(Dataset entries)
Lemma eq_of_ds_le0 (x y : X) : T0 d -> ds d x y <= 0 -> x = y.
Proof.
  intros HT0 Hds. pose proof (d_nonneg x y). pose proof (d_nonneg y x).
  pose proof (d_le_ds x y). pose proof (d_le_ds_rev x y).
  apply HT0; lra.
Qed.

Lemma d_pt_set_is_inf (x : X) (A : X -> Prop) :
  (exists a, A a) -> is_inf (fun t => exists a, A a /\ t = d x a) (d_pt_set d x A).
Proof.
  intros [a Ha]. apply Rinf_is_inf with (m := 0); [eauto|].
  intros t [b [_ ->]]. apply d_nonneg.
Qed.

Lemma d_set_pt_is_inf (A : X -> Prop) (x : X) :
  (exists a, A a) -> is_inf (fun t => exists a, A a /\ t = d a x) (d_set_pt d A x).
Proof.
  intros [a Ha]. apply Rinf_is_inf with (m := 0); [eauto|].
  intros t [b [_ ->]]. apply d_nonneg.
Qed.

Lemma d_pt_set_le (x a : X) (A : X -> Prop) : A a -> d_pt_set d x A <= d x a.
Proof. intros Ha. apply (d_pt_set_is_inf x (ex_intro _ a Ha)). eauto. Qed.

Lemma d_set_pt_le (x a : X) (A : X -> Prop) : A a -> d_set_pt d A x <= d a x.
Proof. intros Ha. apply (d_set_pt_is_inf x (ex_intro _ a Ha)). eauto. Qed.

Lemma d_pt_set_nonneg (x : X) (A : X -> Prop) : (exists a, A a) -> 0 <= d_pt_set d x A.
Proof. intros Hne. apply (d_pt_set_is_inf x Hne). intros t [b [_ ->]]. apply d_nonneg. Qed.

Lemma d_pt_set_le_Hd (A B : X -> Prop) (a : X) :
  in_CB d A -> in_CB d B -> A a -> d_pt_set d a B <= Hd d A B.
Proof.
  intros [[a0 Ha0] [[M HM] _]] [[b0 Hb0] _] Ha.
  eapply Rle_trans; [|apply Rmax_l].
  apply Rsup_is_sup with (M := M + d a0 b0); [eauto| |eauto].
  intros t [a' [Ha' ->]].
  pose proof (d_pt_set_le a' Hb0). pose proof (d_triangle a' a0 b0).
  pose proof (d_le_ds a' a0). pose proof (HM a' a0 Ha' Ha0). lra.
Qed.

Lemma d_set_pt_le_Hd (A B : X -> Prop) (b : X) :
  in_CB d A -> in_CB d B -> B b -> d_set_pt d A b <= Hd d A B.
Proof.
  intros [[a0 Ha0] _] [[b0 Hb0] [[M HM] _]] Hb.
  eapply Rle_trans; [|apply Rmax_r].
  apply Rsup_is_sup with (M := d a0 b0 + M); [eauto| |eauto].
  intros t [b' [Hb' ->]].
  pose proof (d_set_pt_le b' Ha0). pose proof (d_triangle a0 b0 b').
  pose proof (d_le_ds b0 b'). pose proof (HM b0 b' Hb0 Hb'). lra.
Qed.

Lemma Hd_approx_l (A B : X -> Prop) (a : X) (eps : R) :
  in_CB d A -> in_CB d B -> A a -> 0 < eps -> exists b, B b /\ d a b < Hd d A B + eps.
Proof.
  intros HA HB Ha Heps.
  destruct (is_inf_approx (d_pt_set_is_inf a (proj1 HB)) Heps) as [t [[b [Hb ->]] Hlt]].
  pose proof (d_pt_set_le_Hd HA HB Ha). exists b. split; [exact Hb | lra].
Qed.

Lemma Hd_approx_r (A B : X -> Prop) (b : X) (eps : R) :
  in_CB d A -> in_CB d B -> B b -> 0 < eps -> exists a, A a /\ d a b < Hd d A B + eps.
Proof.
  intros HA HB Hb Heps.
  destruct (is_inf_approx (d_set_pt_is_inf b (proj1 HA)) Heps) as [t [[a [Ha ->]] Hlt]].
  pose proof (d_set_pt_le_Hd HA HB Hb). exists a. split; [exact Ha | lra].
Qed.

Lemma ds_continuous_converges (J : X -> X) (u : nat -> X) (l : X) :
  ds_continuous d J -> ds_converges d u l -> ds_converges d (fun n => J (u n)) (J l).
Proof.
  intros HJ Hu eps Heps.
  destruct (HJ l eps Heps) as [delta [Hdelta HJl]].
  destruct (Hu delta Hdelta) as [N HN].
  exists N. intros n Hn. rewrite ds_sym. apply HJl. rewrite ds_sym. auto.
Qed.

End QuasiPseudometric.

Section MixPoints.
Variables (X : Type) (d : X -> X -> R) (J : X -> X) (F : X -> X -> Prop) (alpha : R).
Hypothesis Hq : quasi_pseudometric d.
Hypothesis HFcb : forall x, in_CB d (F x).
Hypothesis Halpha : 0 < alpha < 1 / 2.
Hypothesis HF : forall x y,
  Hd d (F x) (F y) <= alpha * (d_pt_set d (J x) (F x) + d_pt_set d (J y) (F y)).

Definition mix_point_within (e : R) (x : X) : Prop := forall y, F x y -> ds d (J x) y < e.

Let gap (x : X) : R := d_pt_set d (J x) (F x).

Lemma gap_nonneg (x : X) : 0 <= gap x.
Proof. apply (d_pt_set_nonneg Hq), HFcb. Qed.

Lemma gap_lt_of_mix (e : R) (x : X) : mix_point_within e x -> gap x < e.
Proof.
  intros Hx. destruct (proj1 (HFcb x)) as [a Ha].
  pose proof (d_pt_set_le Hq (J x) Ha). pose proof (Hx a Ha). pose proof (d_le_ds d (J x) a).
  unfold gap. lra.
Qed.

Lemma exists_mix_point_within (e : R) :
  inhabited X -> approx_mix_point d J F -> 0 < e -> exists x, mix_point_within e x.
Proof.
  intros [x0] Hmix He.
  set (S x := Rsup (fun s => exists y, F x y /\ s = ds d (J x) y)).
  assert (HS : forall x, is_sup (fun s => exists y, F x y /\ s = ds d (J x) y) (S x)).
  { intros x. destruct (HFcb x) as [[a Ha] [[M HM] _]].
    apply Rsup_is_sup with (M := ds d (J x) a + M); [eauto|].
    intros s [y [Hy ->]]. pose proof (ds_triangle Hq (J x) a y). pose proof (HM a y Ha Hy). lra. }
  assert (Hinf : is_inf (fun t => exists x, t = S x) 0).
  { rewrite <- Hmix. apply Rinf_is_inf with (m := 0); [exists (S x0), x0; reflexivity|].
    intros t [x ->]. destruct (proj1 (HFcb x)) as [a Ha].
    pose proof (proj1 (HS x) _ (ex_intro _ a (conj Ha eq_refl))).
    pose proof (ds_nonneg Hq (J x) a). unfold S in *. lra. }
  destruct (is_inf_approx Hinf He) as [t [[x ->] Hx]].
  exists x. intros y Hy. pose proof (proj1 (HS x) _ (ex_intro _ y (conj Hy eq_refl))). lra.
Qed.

### WHAT YOU WILL DO
Without changing a word, write out each entry again.

### RESPONSE BOX
Lemma eq_of_ds_le0 (x y : X) : T0 d -> ds d x y <= 0 -> x = y.
Proof.
  intros HT0 Hds. pose proof (d_nonneg x y). pose proof (d_nonneg y x).
  pose proof (d_le_ds x y). pose proof (d_le_ds_rev x y).
  apply HT0; lra.
Qed.

Lemma d_pt_set_is_inf (x : X) (A : X -> Prop) :
  (exists a, A a) -> is_inf (fun t => exists a, A a /\ t = d x a) (d_pt_set d x A).
Proof.
  intros [a Ha]. apply Rinf_is_inf with (m := 0); [eauto|].
  intros t [b [_ ->]]. apply d_nonneg.
Qed.

Lemma d_set_pt_is_inf (A : X -> Prop) (x : X) :
  (exists a, A a) -> is_inf (fun t => exists a, A a /\ t = d a x) (d_set_pt d A x).
Proof.
  intros [a Ha]. apply Rinf_is_inf with (m := 0); [eauto|].
  intros t [b [_ ->]]. apply d_nonneg.
Qed.

Lemma d_pt_set_le (x a : X) (A : X -> Prop) : A a -> d_pt_set d x A <= d x a.
Proof. intros Ha. apply (d_pt_set_is_inf x (ex_intro _ a Ha)). eauto. Qed.

Lemma d_set_pt_le (x a : X) (A : X -> Prop) : A a -> d_set_pt d A x <= d a x.
Proof. intros Ha. apply (d_set_pt_is_inf x (ex_intro _ a Ha)). eauto. Qed.

Lemma d_pt_set_nonneg (x : X) (A : X -> Prop) : (exists a, A a) -> 0 <= d_pt_set d x A.
Proof. intros Hne. apply (d_pt_set_is_inf x Hne). intros t [b [_ ->]]. apply d_nonneg. Qed.

Lemma d_pt_set_le_Hd (A B : X -> Prop) (a : X) :
  in_CB d A -> in_CB d B -> A a -> d_pt_set d a B <= Hd d A B.
Proof.
  intros [[a0 Ha0] [[M HM] _]] [[b0 Hb0] _] Ha.
  eapply Rle_trans; [|apply Rmax_l].
  apply Rsup_is_sup with (M := M + d a0 b0); [eauto| |eauto].
  intros t [a' [Ha' ->]].
  pose proof (d_pt_set_le a' Hb0). pose proof (d_triangle a' a0 b0).
  pose proof (d_le_ds a' a0). pose proof (HM a' a0 Ha' Ha0). lra.
Qed.

Lemma d_set_pt_le_Hd (A B : X -> Prop) (b : X) :
  in_CB d A -> in_CB d B -> B b -> d_set_pt d A b <= Hd d A B.
Proof.
  intros [[a0 Ha0] _] [[b0 Hb0] [[M HM] _]] Hb.
  eapply Rle_trans; [|apply Rmax_r].
  apply Rsup_is_sup with (M := d a0 b0 + M); [eauto| |eauto].
  intros t [b' [Hb' ->]].
  pose proof (d_set_pt_le b' Ha0). pose proof (d_triangle a0 b0 b').
  pose proof (d_le_ds b0 b'). pose proof (HM b0 b' Hb0 Hb'). lra.
Qed.

Lemma Hd_approx_l (A B : X -> Prop) (a : X) (eps : R) :
  in_CB d A -> in_CB d B -> A a -> 0 < eps -> exists b, B b /\ d a b < Hd d A B + eps.
Proof.
  intros HA HB Ha Heps.
  destruct (is_inf_approx (d_pt_set_is_inf a (proj1 HB)) Heps) as [t [[b [Hb ->]] Hlt]].
  pose proof (d_pt_set_le_Hd HA HB Ha). exists b. split; [exact Hb | lra].
Qed.

Lemma Hd_approx_r (A B : X -> Prop) (b : X) (eps : R) :
  in_CB d A -> in_CB d B -> B b -> 0 < eps -> exists a, A a /\ d a b < Hd d A B + eps.
Proof.
  intros HA HB Hb Heps.
  destruct (is_inf_approx (d_set_pt_is_inf b (proj1 HA)) Heps) as [t [[a [Ha ->]] Hlt]].
  pose proof (d_set_pt_le_Hd HA HB Hb). exists a. split; [exact Ha | lra].
Qed.

Lemma ds_continuous_converges (J : X -> X) (u : nat -> X) (l : X) :
  ds_continuous d J -> ds_converges d u l -> ds_converges d (fun n => J (u n)) (J l).
Proof.
  intros HJ Hu eps Heps.
  destruct (HJ l eps Heps) as [delta [Hdelta HJl]].
  destruct (Hu delta Hdelta) as [N HN].
  exists N. intros n Hn. rewrite ds_sym. apply HJl. rewrite ds_sym. auto.
Qed.

End QuasiPseudometric.

Section MixPoints.
Variables (X : Type) (d : X -> X -> R) (J : X -> X) (F : X -> X -> Prop) (alpha : R).
Hypothesis Hq : quasi_pseudometric d.
Hypothesis HFcb : forall x, in_CB d (F x).
Hypothesis Halpha : 0 < alpha < 1 / 2.
Hypothesis HF : forall x y,
  Hd d (F x) (F y) <= alpha * (d_pt_set d (J x) (F x) + d_pt_set d (J y) (F y)).

Definition mix_point_within (e : R) (x : X) : Prop := forall y, F x y -> ds d (J x) y < e.

Let gap (x : X) : R := d_pt_set d (J x) (F x).

Lemma gap_nonneg (x : X) : 0 <= gap x.
Proof. apply (d_pt_set_nonneg Hq), HFcb. Qed.

Lemma gap_lt_of_mix (e : R) (x : X) : mix_point_within e x -> gap x < e.
Proof.
  intros Hx. destruct (proj1 (HFcb x)) as [a Ha].
  pose proof (d_pt_set_le Hq (J x) Ha). pose proof (Hx a Ha). pose proof (d_le_ds d (J x) a).
  unfold gap. lra.
Qed.

Lemma exists_mix_point_within (e : R) :
  inhabited X -> approx_mix_point d J F -> 0 < e -> exists x, mix_point_within e x.
Proof.
  intros [x0] Hmix He.
  set (S x := Rsup (fun s => exists y, F x y /\ s = ds d (J x) y)).
  assert (HS : forall x, is_sup (fun s => exists y, F x y /\ s = ds d (J x) y) (S x)).
  { intros x. destruct (HFcb x) as [[a Ha] [[M HM] _]].
    apply Rsup_is_sup with (M := ds d (J x) a + M); [eauto|].
    intros s [y [Hy ->]]. pose proof (ds_triangle Hq (J x) a y). pose proof (HM a y Ha Hy). lra. }
  assert (Hinf : is_inf (fun t => exists x, t = S x) 0).
  { rewrite <- Hmix. apply Rinf_is_inf with (m := 0); [exists (S x0), x0; reflexivity|].
    intros t [x ->]. destruct (proj1 (HFcb x)) as [a Ha].
    pose proof (proj1 (HS x) _ (ex_intro _ a (conj Ha eq_refl))).
    pose proof (ds_nonneg Hq (J x) a). unfold S in *. lra. }
  destruct (is_inf_approx Hinf He) as [t [[x ->] Hx]].
  exists x. intros y Hy. pose proof (proj1 (HS x) _ (ex_intro _ y (conj Hy eq_refl))). lra.
Qed.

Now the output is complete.